Yes!
- Editor-in-chief: Jo-Ann Maglipon
- Managing Editor: Anna Pingol
- Executive Editor: Jose F. Lacaba
- Art Director: Gabriel W. Villegas
- Categories: Showbiz
- Frequency: Monthly
- Format: 9 x 11.25 inches
- Circulation: 140,000 – 160,000
- First issue: April 2000
- Final issue: May 2018
- Company: Summit Media
- Country: Philippines
- Based in: Mandaluyong
- Language: English and Filipino
- ISSN: 0119-7991

= Yes! (Philippine magazine) =

Philippine monthly magazine

Yes! (stylized in all caps) is a monthly showbiz-oriented magazine from the Philippines published by Summit Media. Started in 2000, it has a circulation between 140,000 and 160,000 every month making it the top showbiz magazine in the Philippines.
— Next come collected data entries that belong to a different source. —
(* Fix $k\ge1$. Let $\mathcal T_k$ be the set of self-avoiding walks on $\mathbb Z^2$ (including the empty walk) with North, East and South unit steps, starting at $(0,0)$ and confined to the strip $0\le y\le k$. For $w\in\mathcal T_k$ let $h(w)$ (resp. $h_c(w)$) be the number of horizontal steps at height different from $0$ and $k$ (resp. at height $0$ or $k$), let $v(w)$ (resp. $v_c(w)$) be the number of vertical steps ending at height different from $0$ and $k$ (resp. ending at height $0$ or $k$), and let $f(w)$ be the height of the endpoint of $w$. Define $$T_k(s)=\sum_{w\in\mathcal T_k}x^{h(w)}y^{v(w)}a^{h_c(w)}b^{v_c(w)}s^{f(w)}=\sum_{i=0}^kT_{k,i}s^i,$$ where $T_{k,i}$ (a series in $x,y,a,b$) counts walks ending at height $i$, and let $\tilde T_k(s)=T_k(s)-T_{k,0}-s^kT_{k,k}$ (walks not ending at height $0$ or $k$). Then, with $\bar s=1/s$, $$\left(1-\frac x{1-ys}-\frac{xy\bar s}{1-y\bar s}\right)\tilde T_k(s)=\frac{ys-(ys)^k}{1-ys}-\frac{x(ys)^k}{1-ys}\tilde T_k(1/y)-\frac x{1-y\bar s}\tilde T_k(y)+aT_{k,0}\frac{ys-(ys)^k}{1-ys}+aT_{k,k}\frac{ys^{k-1}-y^k}{1-y\bar s},$$ $$T_{k,0}=1+bx\,y^{-1}\tilde T_k(y)+aT_{k,0}+ab\,y^{k-1}T_{k,k},$$ $$T_{k,k}=by^{k-1}+bxy^{k-1}\tilde T_k(1/y)+ab\,y^{k-1}T_{k,0}+aT_{k,k}.$$ *)

From HB Require Import structures.
From mathcomp Require Import all_boot all_order all_algebra.
From mathcomp Require Import all_classical all_reals all_analysis.
Set Implicit Arguments. Unset Strict Implicit. Unset Printing Implicit Defensive.
Import Order.TTheory GRing.Theory Num.Theory numFieldNormedType.Exports.
Local Open Scope ring_scope.

Inductive step := N | E | S.

Definition move (p : int * int) (st : step) : int * int :=
  match st with
  | N => (p.1, p.2 + 1)
  | E => (p.1 + 1, p.2)
  | S => (p.1, p.2 - 1)
  end.

Fixpoint pts (p : int * int) (w : seq step) : seq (int * int) :=
  match w with
  | [::] => [::]
  | st :: w' => let q := move p st in q :: pts q w'
  end.

Definition origin : int * int := (0, 0).

Definition visited (w : seq step) : seq (int * int) := origin :: pts origin w.

Definition self_avoiding (w : seq step) : bool := uniq (visited w).

Definition in_strip (k : nat) (w : seq step) : bool :=
  all (fun p : int * int => (0 <= p.2) && (p.2 <= k%:Z)) (visited w).

Definition in_Tk (k : nat) (w : seq step) : bool := self_avoiding w && in_strip k w.

Definition end_height (w : seq step) : int := (last origin (visited w)).2.

Definition contact (k : nat) (z : int) : bool := (z == 0) || (z == k%:Z).

Fixpoint wt {R : realType} (k : nat) (x y a b : R) (p : int * int) (w : seq step) : R :=
  match w with
  | [::] => 1
  | st :: w' =>
      let q := move p st in
      (match st with
       | E => if contact k p.2 then a else x
       | _ => if contact k q.2 then b else y
       end) * wt k x y a b q w'
  end.

Fixpoint all_seqs (n : nat) : seq (seq step) :=
  match n with
  | 0 => [:: [::]]
  | n'.+1 => flatten [seq [:: N :: w; E :: w; S :: w] | w <- all_seqs n']
  end.

Definition Tki_len {R : realType} (k i : nat) (x y a b : R) (n : nat) : R :=
  \sum_(w <- all_seqs n | in_Tk k w && (end_height w == i%:Z)) wt k x y a b origin w.

Definition Tki {R : realType} (k i : nat) (x y a b : R) : R :=
  limn (series (Tki_len k i x y a b : R^nat) : R^nat).

Definition Tk {R : realType} (k : nat) (x y a b s : R) : R :=
  \sum_(i < k.+1) Tki k i x y a b * s ^+ i.

Definition Ttilde {R : realType} (k : nat) (x y a b s : R) : R :=
  Tk k x y a b s - Tki k 0 x y a b - s ^+ k * Tki k k x y a b.
Lemma norm_duality_attained : exists (l : {linear Y -> R^o}) (m : {linear Z -> R^o}),
  [/\ is_dual l, is_dual m, D (dual_norm l) (dual_norm m) <= 1,
      forall x, l (A x) + k * m (B x) = 0 &
      l y0 = inf [set N `|y0 - A x| (k * `|B x|) | x in [set: X]]].
Proof.
have gL : linear (fun x => (A x, k *: B x) : Y * Z).
  by move=> t x x'; congr pair; rewrite /= linearP // scalerDr !scalerA mulrC.
have [f [fq fg fy0]] := hahn_banach_distance qD qZ (linear_of gL) (y0, 0).
have lL : linear (fun y => f (y, 0)).
  move=> t y y'; rewrite -linearP; congr (f _).
  by congr pair; rewrite /= scaler0 addr0.
have mL : linear (fun z => f (0, z)).
  move=> t z z'; rewrite -linearP; congr (f _).
  by congr pair; rewrite /= scaler0 addr0.
pose l := linear_of lL; pose m := linear_of mL.
have fE y z : f (y, z) = l y + m z.
  have -> : (y, z) = (y, 0) + (0, z) by congr pair; rewrite /= ?addr0 ?add0r.
  exact: linearD.
have lmq y z : `|l y + m z| <= N `|y| `|z|.
  by rewrite -fE; exact: (seminorm_dominated_norm qZ fq).
have N_norm0 a : 0 <= a -> N a 0 = a * N 1 0.
  by move=> a0; rewrite -N_homog ?mulr1 ?mulr0.
have N_0norm b : 0 <= b -> N 0 b = b * N 0 1.
  by move=> b0; rewrite -N_homog ?mulr1 ?mulr0.
have lc : is_dual l.
  apply: (@continuous_linear_of_bound _ _ _ (N 1 0)) => y.
  by have := lmq y 0; rewrite linear0 addr0 normr0 (N_norm0 `|y|) // mulrC.
have mc : is_dual m.
  apply: (@continuous_linear_of_bound _ _ _ (N 0 1)) => z.
  by have := lmq 0 z; rewrite linear0 add0r normr0 (N_0norm `|z|) // mulrC.
exists l, m; split => //.
- exact: dual_le1_of_dominated lmq.
- by move=> x; have := fg x; rewrite (fE (A x) (k *: B x)) linearZZ.
- rewrite [LHS]fy0; congr inf; apply: eq_imagel => x _.
  by rewrite /q /= sub0r normrN normrZ gtr0_norm.
Qed.

Theorem norm_duality :
  inf [set N `|y0 - A x| (k * `|B x|) | x in [set: X]] =
  sup [set r | exists (l : {linear Y -> R^o}) (m : {linear Z -> R^o}),
    [/\ is_dual l, is_dual m, D (dual_norm l) (dual_norm m) <= 1,
        forall x, l (A x) + k * m (B x) = 0 & r = `|l y0|]].
Proof.
have N_ge0 a b : 0 <= a -> 0 <= b -> 0 <= N a b.
  move=> a0 b0; have := N_homog (lexx 0) (lexx 0) (lexx (0 : R)).
  by rewrite !mul0r => <-; exact: N_mono.
have [l [m [lc mc Dlm lmAB ly0]]] := norm_duality_attained.
apply: inf_eq_sup_attained.
- by exists (N `|y0 - A 0| (k * `|B 0|)), 0.
- move=> _ _ [l' [m' [l'c m'c Dl'm' l'm'AB ->]]] [x _ <-].
  exact: weak_norm_duality l'c m'c Dl'm' l'm'AB.
- exists l, m; split=> //; rewrite ly0 ger0_norm //.
  apply: lb_le_inf; first by exists (N `|y0 - A 0| (k * `|B 0|)), 0.
  by move=> _ [x _ <-]; rewrite N_ge0 // mulr_ge0 // ltW.
Qed.

End NormDuality.

Definition pnorm2 (R : realType) (p a b : R) := (a `^ p + b `^ p) `^ p^-1.

Section PNorm2.
Variables (R : realType) (p : R).
Hypothesis p_gt0 : 0 < p.

Lemma powRK a : 0 <= a -> (a `^ p) `^ p^-1 = a.
Proof. by move=> a0; rewrite -powRrM mulfV ?gt_eqF // powRr1. Qed.

Lemma pnorm2_homog t a b : 0 <= t -> 0 <= a -> 0 <= b ->
  pnorm2 p (t * a) (t * b) = t * pnorm2 p a b.
Proof.
move=> t0 a0 b0; rewrite /pnorm2 !powRM // -mulrDr.
by rewrite powRM ?powRK ?addr_ge0 ?powR_ge0.
Qed.

Lemma pnorm2_mono a b a' b' : 0 <= a -> a <= a' -> 0 <= b -> b <= b' ->
  pnorm2 p a b <= pnorm2 p a' b'.
Proof.
move=> a0 aa' b0 bb'; have a'0 := le_trans a0 aa'; have b'0 := le_trans b0 bb'.
apply: ge0_ler_powR; rewrite ?nnegrE ?invr_ge0 ?addr_ge0 ?powR_ge0 ?(ltW p_gt0) //.
by apply: lerD; apply: ge0_ler_powR; rewrite ?nnegrE ?(ltW p_gt0).
Qed.

End PNorm2.

Lemma conjugate_expE (R : realType) (p p' : R) :
  1 < p -> p^-1 + p'^-1 = 1 -> (p - 1) * p' = p.
Proof.
move=> p_gt1 pp'; have -> : p' = (1 - p^-1)^-1.
  by rewrite -pp' addrAC subrr add0r invrK.
by field; rewrite subr_eq0 !gt_eqF // (lt_trans ltr01).
Qed.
On April 11, 2018, Summit Media, publishers of Yes! announced the end of printed publication of Yes! and 5 other magazines under the company in the May 2018 issue as part of the transition into a digital publishing firm. In the case of Yes!, it will be relegated to its online portal, Philippine Entertainment Portal (PEP).

== Readership ==
With a pass-on readership of 6, the estimated total monthly readership is between 840,000 and 1,120,000. with most of the readers of Yes! ranging from mid-20s to 40s and most of them are females. Readers also encompass all social classes.

Aside from the Philippines, Yes! magazine is distributed in international outlets, which include the United States, Hong Kong, Taiwan, Singapore, United Kingdom, Australia, Macau, and New Zealand. The digital version of the magazine can be downloaded through Apple Newsstand, Buqo and Zinio.

==Features and sections==
Yes! magazine features in-depth information about Filipino celebrities by exploring their homes or giving thorough opinion about an issue that they are facing. According to the editor-in-chief Jo-Ann Maglipon, Yes! aims on to get up close and personal to the celebrities and provide more of high quality photos, fewer press releases and less of common information.

From 2007 to 2018, the magazine lists down the Philippines' 100 Most Beautiful Stars. Among the celebrities who topped the list include Kris Aquino, Sarah Geronimo, Judy Ann Santos, KC Concepcion, Marian Rivera, Kim Chiu, John Lloyd Cruz, Anne Curtis, Julia Montes, Kathryn Bernardo, Alden Richards & Maine Mendoza of AlDub, and Daniel Padilla. It also lists down top fashionable showbiz personalities, which include Lucy Torres-Gomez, Maricel Soriano, Gretchen Barretto and Agot Isidro.

Regular sections of the magazine include "Cover Story" (Celebrity Home or Entertainment Feature), "What YES! Knows" (YES! Exclusive), "Snaps," "Kitchen Special," "Human Interest" (Everyday Heroes, Life Story, Special Report), "TV Craze", "Indie & Now Showing", "Beauty & Style" and "On The Web."

==Notable issues==

When Willie Revillame was featured on the cover of Yes! magazine in January 2009, it became the best-selling issue of the magazine with 200,000 copies sold. During the 15th anniversary of Yes!, Revillame received a plaque of appreciation for the said feat.

The November 2015 issue of Yes! magazine dubbed as "ultimate collector's issue" is dedicated to the characters of Kalyeserye and the love team of Alden Richards and Maine Mendoza, collective known as the phenomenal fictional couple AlDub. This issue already reached newsstands on October 23, 2015, but already sold-out even before November 2015 started.